YOUR TASK >> Copy every line of the following data that includes the string "eqVneq".
::::::
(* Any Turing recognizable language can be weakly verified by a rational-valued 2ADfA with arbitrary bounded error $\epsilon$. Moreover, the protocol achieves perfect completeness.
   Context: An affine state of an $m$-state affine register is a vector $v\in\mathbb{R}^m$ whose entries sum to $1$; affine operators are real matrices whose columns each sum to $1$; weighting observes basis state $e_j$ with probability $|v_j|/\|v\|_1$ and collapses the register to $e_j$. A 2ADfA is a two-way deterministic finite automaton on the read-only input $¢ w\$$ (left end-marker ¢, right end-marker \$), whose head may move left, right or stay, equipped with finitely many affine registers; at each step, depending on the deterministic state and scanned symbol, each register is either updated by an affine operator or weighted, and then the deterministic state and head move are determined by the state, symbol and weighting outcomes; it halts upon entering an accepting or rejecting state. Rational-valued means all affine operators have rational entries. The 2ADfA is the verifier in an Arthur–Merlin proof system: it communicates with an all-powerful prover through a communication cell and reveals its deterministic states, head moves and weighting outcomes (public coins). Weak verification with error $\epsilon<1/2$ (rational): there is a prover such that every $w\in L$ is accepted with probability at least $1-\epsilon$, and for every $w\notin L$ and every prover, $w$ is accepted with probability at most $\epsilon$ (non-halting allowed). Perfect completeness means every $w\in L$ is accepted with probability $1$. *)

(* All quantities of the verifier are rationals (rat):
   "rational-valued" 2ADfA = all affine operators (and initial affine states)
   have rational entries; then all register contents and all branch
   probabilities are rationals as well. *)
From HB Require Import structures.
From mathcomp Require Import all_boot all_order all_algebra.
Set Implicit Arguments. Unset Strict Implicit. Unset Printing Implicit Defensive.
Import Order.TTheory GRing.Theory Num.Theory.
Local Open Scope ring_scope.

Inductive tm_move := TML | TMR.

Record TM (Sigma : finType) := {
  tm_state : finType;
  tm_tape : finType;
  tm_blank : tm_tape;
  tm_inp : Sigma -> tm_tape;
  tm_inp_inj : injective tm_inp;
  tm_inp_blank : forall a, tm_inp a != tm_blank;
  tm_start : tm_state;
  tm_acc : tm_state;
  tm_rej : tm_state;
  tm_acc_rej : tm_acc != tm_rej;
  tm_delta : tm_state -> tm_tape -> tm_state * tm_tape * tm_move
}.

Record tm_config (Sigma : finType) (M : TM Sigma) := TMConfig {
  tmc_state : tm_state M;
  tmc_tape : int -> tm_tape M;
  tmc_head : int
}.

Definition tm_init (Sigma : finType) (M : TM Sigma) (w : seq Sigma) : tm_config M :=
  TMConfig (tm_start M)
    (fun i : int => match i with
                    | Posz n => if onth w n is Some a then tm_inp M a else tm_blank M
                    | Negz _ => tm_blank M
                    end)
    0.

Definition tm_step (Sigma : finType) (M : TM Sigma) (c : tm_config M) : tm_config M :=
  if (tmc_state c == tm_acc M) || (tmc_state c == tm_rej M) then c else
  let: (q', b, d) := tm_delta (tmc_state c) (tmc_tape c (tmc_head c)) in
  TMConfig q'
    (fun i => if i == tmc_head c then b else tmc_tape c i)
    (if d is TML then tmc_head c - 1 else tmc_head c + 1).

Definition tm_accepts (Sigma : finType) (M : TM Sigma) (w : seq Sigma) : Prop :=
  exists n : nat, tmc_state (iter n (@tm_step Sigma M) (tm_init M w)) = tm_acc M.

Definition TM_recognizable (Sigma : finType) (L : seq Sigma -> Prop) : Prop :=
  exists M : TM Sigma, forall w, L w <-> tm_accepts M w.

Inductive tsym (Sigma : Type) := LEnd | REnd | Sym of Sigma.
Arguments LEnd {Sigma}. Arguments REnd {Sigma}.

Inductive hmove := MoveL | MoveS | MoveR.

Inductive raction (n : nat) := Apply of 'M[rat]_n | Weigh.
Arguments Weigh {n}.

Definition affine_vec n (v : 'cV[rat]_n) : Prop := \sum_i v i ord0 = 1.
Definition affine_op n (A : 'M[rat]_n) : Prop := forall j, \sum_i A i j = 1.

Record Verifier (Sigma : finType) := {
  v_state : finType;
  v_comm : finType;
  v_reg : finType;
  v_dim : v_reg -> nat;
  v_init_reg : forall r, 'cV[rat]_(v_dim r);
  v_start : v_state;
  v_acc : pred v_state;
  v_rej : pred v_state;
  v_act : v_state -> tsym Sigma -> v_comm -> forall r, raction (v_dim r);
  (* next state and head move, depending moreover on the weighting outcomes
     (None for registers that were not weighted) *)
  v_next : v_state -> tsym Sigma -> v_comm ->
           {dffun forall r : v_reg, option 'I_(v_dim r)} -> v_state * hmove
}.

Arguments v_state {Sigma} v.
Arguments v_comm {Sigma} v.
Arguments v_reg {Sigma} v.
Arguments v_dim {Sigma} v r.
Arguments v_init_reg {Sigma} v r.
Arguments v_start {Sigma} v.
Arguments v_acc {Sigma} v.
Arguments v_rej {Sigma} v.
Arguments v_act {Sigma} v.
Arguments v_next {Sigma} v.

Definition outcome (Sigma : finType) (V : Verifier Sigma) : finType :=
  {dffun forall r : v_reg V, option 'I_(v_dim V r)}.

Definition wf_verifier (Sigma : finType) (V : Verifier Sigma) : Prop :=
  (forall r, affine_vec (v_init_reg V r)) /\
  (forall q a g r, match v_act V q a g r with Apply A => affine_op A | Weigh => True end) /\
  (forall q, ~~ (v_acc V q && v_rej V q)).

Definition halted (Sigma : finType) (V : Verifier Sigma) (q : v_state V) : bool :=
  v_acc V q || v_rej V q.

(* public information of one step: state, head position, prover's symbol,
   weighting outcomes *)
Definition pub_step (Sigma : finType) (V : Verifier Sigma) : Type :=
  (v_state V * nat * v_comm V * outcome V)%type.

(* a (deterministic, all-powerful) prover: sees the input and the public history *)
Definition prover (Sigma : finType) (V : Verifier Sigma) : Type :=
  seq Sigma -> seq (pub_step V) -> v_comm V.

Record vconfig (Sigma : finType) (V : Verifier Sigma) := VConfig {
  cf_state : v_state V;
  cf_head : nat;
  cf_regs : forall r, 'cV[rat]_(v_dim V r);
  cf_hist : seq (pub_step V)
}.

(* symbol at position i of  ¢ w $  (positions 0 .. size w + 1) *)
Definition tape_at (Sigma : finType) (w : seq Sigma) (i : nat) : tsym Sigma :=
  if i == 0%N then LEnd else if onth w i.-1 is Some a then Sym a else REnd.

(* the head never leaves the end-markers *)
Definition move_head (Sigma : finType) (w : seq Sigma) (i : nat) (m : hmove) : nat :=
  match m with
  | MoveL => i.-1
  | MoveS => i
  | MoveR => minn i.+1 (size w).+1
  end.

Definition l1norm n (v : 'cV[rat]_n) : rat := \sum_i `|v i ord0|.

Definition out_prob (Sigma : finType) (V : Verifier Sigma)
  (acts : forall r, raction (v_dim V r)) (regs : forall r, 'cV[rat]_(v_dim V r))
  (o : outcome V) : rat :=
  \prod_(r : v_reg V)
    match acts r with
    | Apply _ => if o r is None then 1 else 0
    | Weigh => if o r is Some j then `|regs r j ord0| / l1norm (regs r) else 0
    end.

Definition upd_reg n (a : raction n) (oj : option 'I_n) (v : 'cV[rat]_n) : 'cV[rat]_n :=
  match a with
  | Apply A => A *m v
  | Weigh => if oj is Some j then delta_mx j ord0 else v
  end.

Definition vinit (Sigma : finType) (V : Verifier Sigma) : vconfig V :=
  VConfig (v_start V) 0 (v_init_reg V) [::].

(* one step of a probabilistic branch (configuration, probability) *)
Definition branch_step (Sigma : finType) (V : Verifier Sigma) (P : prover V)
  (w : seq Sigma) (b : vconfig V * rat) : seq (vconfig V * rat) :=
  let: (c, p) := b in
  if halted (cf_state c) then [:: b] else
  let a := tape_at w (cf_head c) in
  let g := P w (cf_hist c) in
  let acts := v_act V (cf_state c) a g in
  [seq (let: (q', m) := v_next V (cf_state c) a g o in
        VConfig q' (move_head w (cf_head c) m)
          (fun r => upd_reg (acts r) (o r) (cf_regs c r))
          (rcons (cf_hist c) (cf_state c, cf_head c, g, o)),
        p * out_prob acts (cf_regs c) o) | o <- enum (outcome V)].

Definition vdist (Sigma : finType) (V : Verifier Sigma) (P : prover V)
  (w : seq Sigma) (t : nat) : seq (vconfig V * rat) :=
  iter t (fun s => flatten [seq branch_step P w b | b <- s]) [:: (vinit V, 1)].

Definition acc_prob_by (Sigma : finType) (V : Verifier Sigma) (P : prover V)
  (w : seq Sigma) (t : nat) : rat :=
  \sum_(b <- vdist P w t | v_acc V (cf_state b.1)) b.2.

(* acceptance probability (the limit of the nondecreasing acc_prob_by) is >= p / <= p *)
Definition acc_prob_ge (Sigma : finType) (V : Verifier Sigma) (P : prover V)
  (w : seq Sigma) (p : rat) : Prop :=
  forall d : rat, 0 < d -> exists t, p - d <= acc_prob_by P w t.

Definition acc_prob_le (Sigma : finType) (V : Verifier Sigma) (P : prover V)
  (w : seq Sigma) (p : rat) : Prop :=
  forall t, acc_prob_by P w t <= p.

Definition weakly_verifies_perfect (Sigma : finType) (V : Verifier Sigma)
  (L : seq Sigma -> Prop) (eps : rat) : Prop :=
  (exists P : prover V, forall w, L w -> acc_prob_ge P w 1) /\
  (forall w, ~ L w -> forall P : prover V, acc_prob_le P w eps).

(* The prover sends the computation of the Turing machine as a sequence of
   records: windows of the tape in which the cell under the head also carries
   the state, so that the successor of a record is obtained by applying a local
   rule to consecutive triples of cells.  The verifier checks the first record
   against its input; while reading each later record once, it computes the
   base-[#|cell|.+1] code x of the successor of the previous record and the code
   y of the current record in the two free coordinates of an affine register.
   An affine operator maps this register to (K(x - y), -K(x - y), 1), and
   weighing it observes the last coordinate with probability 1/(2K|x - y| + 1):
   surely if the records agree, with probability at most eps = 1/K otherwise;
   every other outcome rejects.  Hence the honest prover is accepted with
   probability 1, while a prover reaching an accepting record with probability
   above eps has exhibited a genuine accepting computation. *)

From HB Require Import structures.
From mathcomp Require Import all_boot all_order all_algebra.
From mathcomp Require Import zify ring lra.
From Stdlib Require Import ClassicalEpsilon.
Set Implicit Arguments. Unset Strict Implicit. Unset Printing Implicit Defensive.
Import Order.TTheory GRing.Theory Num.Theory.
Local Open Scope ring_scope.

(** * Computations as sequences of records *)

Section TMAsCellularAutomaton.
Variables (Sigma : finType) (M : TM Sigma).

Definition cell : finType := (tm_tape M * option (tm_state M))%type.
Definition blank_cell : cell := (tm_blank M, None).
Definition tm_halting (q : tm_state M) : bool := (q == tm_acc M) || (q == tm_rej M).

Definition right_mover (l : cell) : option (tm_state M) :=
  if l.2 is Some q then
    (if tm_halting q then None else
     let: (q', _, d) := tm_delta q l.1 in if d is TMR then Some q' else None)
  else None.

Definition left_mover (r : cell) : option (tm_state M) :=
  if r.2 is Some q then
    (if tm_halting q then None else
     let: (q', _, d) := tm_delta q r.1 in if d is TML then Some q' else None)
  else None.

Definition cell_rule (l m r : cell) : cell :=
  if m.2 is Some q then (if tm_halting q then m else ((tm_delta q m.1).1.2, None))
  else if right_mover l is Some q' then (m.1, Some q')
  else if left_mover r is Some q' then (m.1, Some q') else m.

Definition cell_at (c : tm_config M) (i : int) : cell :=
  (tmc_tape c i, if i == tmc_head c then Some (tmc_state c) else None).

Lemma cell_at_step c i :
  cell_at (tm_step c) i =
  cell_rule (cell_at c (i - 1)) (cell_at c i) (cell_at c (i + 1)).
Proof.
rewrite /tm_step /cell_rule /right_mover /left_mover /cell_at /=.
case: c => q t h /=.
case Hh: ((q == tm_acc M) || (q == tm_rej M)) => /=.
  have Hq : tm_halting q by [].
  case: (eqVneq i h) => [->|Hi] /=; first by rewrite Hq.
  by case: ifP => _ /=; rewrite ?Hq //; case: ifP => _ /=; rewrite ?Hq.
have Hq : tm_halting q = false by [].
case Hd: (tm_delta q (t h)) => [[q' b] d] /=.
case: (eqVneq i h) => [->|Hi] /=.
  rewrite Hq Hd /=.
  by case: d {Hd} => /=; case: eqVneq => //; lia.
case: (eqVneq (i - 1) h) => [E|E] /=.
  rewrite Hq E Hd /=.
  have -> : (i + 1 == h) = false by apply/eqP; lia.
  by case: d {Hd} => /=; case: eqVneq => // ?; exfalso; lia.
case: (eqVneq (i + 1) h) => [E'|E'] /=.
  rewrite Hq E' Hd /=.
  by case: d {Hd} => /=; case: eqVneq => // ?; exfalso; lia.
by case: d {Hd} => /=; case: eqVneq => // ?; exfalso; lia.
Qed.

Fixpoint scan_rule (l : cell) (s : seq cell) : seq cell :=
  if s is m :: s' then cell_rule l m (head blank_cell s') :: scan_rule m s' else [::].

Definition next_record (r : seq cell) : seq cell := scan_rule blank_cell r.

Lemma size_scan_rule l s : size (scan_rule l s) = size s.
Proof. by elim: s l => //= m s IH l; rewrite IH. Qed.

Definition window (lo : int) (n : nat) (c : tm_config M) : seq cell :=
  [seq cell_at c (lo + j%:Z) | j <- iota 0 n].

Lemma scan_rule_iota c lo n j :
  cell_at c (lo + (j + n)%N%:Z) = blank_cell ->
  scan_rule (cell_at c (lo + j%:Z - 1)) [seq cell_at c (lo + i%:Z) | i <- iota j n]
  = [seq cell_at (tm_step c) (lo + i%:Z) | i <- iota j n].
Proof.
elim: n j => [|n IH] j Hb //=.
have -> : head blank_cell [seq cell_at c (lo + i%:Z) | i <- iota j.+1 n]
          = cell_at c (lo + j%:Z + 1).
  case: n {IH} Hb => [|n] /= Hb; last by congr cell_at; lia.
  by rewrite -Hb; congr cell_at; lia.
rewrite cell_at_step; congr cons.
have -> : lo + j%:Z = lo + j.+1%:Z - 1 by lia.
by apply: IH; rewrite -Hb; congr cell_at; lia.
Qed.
::::::
TASK RESPONSE >>
  case: (eqVneq i h) => [->|Hi] /=; first by rewrite Hq.
case: (eqVneq i h) => [->|Hi] /=.
  by case: d {Hd} => /=; case: eqVneq => //; lia.
case: (eqVneq (i - 1) h) => [E|E] /=.
  by case: d {Hd} => /=; case: eqVneq => // ?; exfalso; lia.
case: (eqVneq (i + 1) h) => [E'|E'] /=.
  by case: d {Hd} => /=; case: eqVneq => // ?; exfalso; lia.
by case: d {Hd} => /=; case: eqVneq => // ?; exfalso; lia.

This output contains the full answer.